A couple of days ago armed men in Venezuela entered a major synagogue and vandalized the place, spray-painting the walls and breaking religious relics. A friend of mine sent me some of the aftermath pictures, and while it's not as bad as it could have been (i.e. it doesn't look like they destroyed the torahs), it's a scary sign of what seems to be brewing in many parts of the world, especially following Israel's Gaza campaign. I mean this kind of stuff always happens when tensions rise in Israel, but I don't ever remember it getting this bad. And it's not just Venezuela. All over South America and Europe, Antisemitism has seen a sharp rise. Part of it is most definitely related to better hate-crime identification and reporting, but part of it is just the continued global dislike of Jews. If we're honest with ourselves, we know that people pointing at Israel and expressing their outrage as being "directed towards Israel, but not towards Jews" as total bullshit. I would never say that being critical of Israel automatically makes you an Antisemite, but the kind of criticism of Israel that's brewing out there crosses the line into clear Antisemitism. Attend any of these "Pro-Palestinian" rallies and you'll see plenty of signs and many expressed opinions that repeat the same refrain - "Death to the Jews," "Liberate Palestine," "Jews Back to the Ovens." It happened during the Lebanon campaign of 2006 and its happening again now. And don't mistake the otherwise "innocuous" line to "Liberate Palestine" or to "End the Occupation" as just some political opinion expressed regarding Israel's continued presence in the West Bank and, now to a larger extent again, Gaza. While some are clearly concerned only about these areas and seek a lasting peace with a two-state (or whatever) solution, a lot of these people who speak of "liberation" and "occupation" seek the total liberation of Palestine, via a Hamas-esque rhetoric, that says that Israel has no right to exist and that its presence anywhere in the Middle East constitutes an occupation. It's not about peace or compromise or finding a way to live together. It's about any sort of continued Jewish/Western presence in that area of the world.

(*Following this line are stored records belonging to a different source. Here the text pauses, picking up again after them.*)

Definition vpow_coord j v : R := vpow alpha v ord0 j.
Definition vpow_sum : 'rV[R]_N -> R := \sum_(j < N) vpow_coord j.
Definition vpow_sum2 : 'rV[R]_N -> R := \sum_(j < N) vpow_coord j * vpow_coord j.

Lemma vpow_coordE j : vpow_coord j = fun v => `|v ord0 j| `^ alpha.
Proof. by apply/funext => v; rewrite /vpow_coord mxE. Qed.

Lemma sum_Amat_vpowE v i :
  \sum_(j < N) Amat R N i j * vpow alpha v ord0 j = vpow_sum v - vpow_coord i v.
Proof.
rewrite /vpow_sum fct_sumE [in RHS](bigD1 i) //= addrAC subrr add0r.
rewrite (bigD1 i) //= mxE eqxx mul0r add0r.
by apply: eq_bigr => j ji; rewrite mxE eq_sym ji mul1r.
Qed.

Lemma HfE v : Hf alpha v = vpow_sum v * vpow_sum v - vpow_sum2 v.
Proof.
rewrite /Hf /vpow_sum2 fct_sumE {1}/vpow_sum fct_sumE mulr_suml -sumrB.
apply: eq_bigr => i _; rewrite -mulrBr -sum_Amat_vpowE mulr_sumr big_mkcond /=.
apply: eq_bigr => j _; rewrite [Amat R N i j]mxE /vpow_coord.
by case: (i != j); rewrite ?mulr1n ?mulr0n ?mul1r ?mul0r ?mulr0.
Qed.

Lemma Hf_funE : Hf alpha = vpow_sum * vpow_sum - vpow_sum2.
Proof. by apply/funext => v; rewrite HfE. Qed.

Lemma Ff_coordE v i : Ff alpha v ord0 i =
  - v ord0 i + vpow_coord i v * (vpow_sum v - vpow_coord i v) / Hf alpha v.
Proof. by rewrite /Ff mxE [(- v) _ _]mxE [pif _ _ _ _]mxE sum_Amat_vpowE. Qed.

Lemma Ff_coord_funE i : (fun v => Ff alpha v ord0 i) =
  - (fun v => v ord0 i) +
  vpow_coord i * (vpow_sum - vpow_coord i) * (fun v => (Hf alpha v)^-1).
Proof. by apply/funext => v; rewrite Ff_coordE. Qed.

End VpowSums.

Section FaceJacobian.
Context {N : nat} (I : {set 'I_N}).

(* Rows index the direction of differentiation, as in [jacobian]. *)
Definition face_jacobian {C : pzRingType} (kappa beta : C) : 'M[C]_N :=
  \matrix_(m, i) (- (m == i)%:R +
    (if i \in I then kappa * (m == i)%:R + beta * (m \in I)%:R else 0)).

Lemma map_face_jacobian (C D : pzRingType) (f : {rmorphism C -> D}) kappa beta :
  map_mx f (face_jacobian kappa beta) = face_jacobian (f kappa) (f beta).
Proof.
apply/matrixP => m i; rewrite !mxE rmorphD rmorphN rmorph_nat.
by case: (i \in I); rewrite ?rmorph0 // rmorphD !rmorphM !rmorph_nat.
Qed.

Lemma row_delta_coord (C : pzSemiRingType) m j :
  ('e_m : 'rV[C]_N) ord0 j = (m == j)%:R.
Proof. by rewrite mxE eqxx eq_sym. Qed.

Lemma sum_pred_eq_nat (C : pzSemiRingType) (P : pred 'I_N) m :
  \sum_(j | P j) (m == j)%:R = (P m)%:R :> C.
Proof.
rewrite big_mkcond (bigD1 m) //= eqxx big1 => [|j /negbTE jm]; last first.
  by rewrite eq_sym jm; case: (P j).
by rewrite addr0; case: (P m).
Qed.

Lemma sum_mul_eq_nat (C : pzSemiRingType) (x : 'I_N -> C) i :
  \sum_(m < N) x m * (m == i)%:R = x i.
Proof.
rewrite (bigD1 i) //= eqxx mulr1 big1 ?addr0 // => m /negbTE mi.
by rewrite mi mulr0.
Qed.

Lemma face_jacobian_mulmx (C : comPzRingType) (kappa beta : C) (x : 'rV[C]_N) i :
  (x *m face_jacobian kappa beta) ord0 i = - x ord0 i +
    (if i \in I then kappa * x ord0 i + beta * \sum_(m in I) x ord0 m else 0).
Proof.
rewrite mxE; under eq_bigr => m _ do rewrite mxE mulrDr mulrN.
rewrite big_split /= sumrN sum_mul_eq_nat; congr (_ + _).
case: (i \in I); last by rewrite big1 // => m _; rewrite mulr0.
under eq_bigr => m _ do rewrite mulrDr mulrCA (mulrCA _ beta).
rewrite big_split /= -!mulr_sumr sum_mul_eq_nat [in RHS]big_mkcond.
congr (_ + _ * _); apply: eq_bigr => m _.
by case: (m \in I); rewrite ?mulr1n ?mulr0n ?mulr1 ?mulr0.
Qed.

Lemma face_jacobian_eigenvalue {C : idomainType} {kappa beta lam : C}
    {x : 'rV[C]_N} :
  x != 0 -> \sum_(i < N) x ord0 i = 0 ->
  x *m face_jacobian kappa beta = lam *: x -> lam = -1 \/ lam = kappa - 1.
Proof.
move=> x_neq0 sum_x0 eig.
have eig_i i : - x ord0 i + (if i \in I then
    kappa * x ord0 i + beta * \sum_(m in I) x ord0 m else 0) = lam * x ord0 i.
  by rewrite -face_jacobian_mulmx eig mxE.
have [->|lam_neqN1] := eqVneq lam (-1); [by left | right].
have x_off i : i \notin I -> x ord0 i = 0.
  move=> iNI; have := eig_i i; rewrite (negbTE iNI) addr0 -mulN1r => /eqP.
  rewrite eq_sym -subr_eq0 -mulrBl mulf_eq0 subr_eq0 (negbTE lam_neqN1).
  by move/eqP.
have sum_I0 : \sum_(m in I) x ord0 m = 0.
  by rewrite -[RHS]sum_x0 [RHS](bigID (mem I)) /= [X in _ = _ + X]big1 ?addr0.
have [i x_i] : exists i, x ord0 i != 0.
  apply/existsP; apply: contraNT x_neq0 => /existsPn x0.
  by apply/eqP/rowP => j; rewrite mxE; exact/eqP/negPn/x0.
have iI : i \in I by apply/negPn/negP => /x_off xi0; rewrite xi0 eqxx in x_i.
have := eig_i i; rewrite iI sum_I0 mulr0 addr0 => h.
by apply: (mulIf x_i); rewrite -h; ring.
Qed.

Now what do any of these douchbags in Venezuela have to do with any of this? Are they really concerned about their Palestinian brothers in Gaza? As hateful and Antisemetic as I think "Pro-Palestinian" rallies get, this is yet another step removed, the expression of pure Antisemitism devoid of any viable claim to be supporting Palestinians or angry at Israel "just as a state." When Israel does something that involves people dying, or when the "Jewish-controlled" financial systems of the world teeter, this is high-time for world's trash to come out and to blame the Jews. The Jewish community in Venezuela has nothing to do with the state of Israel other than probably seeing it as a homeland for the Jews and having respect for the state, believing in its continued right to exist. And yet they're no safer in Venezuela, halfway across the world from Israel, because of the fact that they are and always will be Jews. The Jew is the problem to all of these people, not Israel, not the suffering of the Palestinian people, not any sense of alleged justice or morality or ethics that infuses the anti-Israel propoganda that circulates around the world.